>>>>

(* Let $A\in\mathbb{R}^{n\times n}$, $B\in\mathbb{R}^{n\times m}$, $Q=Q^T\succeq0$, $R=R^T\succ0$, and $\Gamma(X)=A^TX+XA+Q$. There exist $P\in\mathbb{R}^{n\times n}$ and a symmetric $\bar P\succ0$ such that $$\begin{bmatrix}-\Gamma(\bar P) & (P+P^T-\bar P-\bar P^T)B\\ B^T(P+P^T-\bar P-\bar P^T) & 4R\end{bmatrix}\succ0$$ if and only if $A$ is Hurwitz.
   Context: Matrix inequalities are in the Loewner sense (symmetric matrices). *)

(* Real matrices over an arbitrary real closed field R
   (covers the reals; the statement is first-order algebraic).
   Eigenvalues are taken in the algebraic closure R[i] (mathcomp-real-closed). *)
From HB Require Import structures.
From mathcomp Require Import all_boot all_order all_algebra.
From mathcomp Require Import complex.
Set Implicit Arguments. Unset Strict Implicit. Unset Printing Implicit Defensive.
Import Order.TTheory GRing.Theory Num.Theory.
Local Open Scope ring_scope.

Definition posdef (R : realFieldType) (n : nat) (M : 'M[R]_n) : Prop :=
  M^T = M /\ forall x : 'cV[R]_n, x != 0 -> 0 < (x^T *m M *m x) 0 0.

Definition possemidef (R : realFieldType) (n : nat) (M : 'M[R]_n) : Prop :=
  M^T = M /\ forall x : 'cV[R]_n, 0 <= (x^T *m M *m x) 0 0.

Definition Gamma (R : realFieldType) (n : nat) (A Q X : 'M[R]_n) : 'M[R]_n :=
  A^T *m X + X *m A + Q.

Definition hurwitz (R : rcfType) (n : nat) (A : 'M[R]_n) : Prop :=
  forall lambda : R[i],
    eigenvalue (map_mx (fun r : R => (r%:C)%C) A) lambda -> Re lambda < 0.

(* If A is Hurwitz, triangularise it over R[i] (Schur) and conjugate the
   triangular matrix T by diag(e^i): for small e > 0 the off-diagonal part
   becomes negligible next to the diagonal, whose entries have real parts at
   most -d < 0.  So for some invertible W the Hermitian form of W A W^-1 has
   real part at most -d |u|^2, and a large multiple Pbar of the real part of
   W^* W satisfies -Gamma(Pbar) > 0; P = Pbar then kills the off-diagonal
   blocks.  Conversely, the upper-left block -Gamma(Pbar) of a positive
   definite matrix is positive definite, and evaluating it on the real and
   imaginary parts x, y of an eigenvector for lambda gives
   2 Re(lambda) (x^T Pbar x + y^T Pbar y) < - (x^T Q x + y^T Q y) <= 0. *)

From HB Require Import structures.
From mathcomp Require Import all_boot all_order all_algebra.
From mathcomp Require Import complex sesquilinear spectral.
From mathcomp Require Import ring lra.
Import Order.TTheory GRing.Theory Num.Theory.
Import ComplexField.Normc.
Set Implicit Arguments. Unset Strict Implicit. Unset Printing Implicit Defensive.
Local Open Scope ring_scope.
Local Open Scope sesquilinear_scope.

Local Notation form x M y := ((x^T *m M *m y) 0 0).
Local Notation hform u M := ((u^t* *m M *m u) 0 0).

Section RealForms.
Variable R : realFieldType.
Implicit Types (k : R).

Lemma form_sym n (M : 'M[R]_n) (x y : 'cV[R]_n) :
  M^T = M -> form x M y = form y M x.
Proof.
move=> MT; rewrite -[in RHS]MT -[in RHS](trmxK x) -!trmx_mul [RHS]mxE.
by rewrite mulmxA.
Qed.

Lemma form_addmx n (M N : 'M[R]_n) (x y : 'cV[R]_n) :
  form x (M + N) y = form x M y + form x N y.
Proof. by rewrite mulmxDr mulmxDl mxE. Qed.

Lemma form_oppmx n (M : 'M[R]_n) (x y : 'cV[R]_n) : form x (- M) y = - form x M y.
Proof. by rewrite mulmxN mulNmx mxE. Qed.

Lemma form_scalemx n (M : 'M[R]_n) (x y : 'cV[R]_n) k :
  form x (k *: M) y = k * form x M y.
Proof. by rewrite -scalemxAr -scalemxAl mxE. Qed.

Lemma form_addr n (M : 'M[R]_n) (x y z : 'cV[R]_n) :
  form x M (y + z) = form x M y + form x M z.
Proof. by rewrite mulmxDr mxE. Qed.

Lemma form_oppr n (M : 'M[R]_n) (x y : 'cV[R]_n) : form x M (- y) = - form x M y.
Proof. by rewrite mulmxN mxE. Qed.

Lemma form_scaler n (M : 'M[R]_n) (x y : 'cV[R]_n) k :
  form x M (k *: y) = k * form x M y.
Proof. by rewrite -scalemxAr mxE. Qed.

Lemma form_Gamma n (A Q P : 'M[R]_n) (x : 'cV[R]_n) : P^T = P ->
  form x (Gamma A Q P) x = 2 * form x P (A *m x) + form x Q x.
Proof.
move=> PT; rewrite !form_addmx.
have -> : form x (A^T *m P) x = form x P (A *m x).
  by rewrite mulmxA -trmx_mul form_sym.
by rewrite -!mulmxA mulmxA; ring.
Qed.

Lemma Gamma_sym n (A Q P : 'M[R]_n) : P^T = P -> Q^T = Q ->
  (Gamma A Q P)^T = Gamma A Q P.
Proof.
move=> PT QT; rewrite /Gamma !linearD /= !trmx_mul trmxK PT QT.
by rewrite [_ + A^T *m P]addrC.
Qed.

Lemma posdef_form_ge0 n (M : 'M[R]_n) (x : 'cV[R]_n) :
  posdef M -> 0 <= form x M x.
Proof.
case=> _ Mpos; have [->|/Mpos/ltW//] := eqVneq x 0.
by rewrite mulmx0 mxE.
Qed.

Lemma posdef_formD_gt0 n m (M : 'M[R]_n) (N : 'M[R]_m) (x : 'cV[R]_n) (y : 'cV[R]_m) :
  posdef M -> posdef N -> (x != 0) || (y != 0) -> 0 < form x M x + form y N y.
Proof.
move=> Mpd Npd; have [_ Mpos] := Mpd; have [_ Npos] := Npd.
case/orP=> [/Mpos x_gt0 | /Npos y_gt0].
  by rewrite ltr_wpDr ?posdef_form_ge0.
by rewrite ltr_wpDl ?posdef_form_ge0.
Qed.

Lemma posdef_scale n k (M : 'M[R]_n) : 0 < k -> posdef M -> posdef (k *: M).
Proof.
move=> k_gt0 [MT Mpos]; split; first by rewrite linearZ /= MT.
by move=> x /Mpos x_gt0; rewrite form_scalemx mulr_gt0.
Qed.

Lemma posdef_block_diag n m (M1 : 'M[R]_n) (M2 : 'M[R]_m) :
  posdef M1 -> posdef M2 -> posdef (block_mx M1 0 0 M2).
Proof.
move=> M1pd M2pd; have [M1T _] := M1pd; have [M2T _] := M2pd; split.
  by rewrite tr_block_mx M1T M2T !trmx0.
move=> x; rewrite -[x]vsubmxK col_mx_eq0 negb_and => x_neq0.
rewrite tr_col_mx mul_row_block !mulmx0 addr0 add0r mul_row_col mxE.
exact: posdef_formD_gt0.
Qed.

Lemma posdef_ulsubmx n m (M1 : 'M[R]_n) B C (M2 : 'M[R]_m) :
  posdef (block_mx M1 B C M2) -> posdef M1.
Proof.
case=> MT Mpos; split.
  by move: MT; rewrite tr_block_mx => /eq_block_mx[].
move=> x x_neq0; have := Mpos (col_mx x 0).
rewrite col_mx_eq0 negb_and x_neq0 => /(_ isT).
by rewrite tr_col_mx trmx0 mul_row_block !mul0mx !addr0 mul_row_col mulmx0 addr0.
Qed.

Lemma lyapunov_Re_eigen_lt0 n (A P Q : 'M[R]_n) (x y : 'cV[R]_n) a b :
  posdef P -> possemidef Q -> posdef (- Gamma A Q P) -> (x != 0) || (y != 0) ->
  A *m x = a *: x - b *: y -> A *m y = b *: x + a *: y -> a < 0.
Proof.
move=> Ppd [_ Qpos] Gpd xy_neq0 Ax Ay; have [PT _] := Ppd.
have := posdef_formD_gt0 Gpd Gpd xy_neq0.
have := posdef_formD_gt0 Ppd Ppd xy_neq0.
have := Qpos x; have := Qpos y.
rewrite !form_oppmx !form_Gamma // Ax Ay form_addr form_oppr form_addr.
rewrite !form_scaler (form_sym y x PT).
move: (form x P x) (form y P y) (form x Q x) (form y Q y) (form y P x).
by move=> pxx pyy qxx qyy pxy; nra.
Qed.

<<<<

• TASK DESCRIPTION: Take exactly the lines from the one containing "Lemma posdef_scale n" through the one containing "move=> M1pd M2pd;" in the data above, and output them with nothing added.

• TASK OUTPUT:
Lemma posdef_scale n k (M : 'M[R]_n) : 0 < k -> posdef M -> posdef (k *: M).
Proof.
move=> k_gt0 [MT Mpos]; split; first by rewrite linearZ /= MT.
by move=> x /Mpos x_gt0; rewrite form_scalemx mulr_gt0.
Qed.

Lemma posdef_block_diag n m (M1 : 'M[R]_n) (M2 : 'M[R]_m) :
  posdef M1 -> posdef M2 -> posdef (block_mx M1 0 0 M2).
Proof.
move=> M1pd M2pd; have [M1T _] := M1pd; have [M2T _] := M2pd; split.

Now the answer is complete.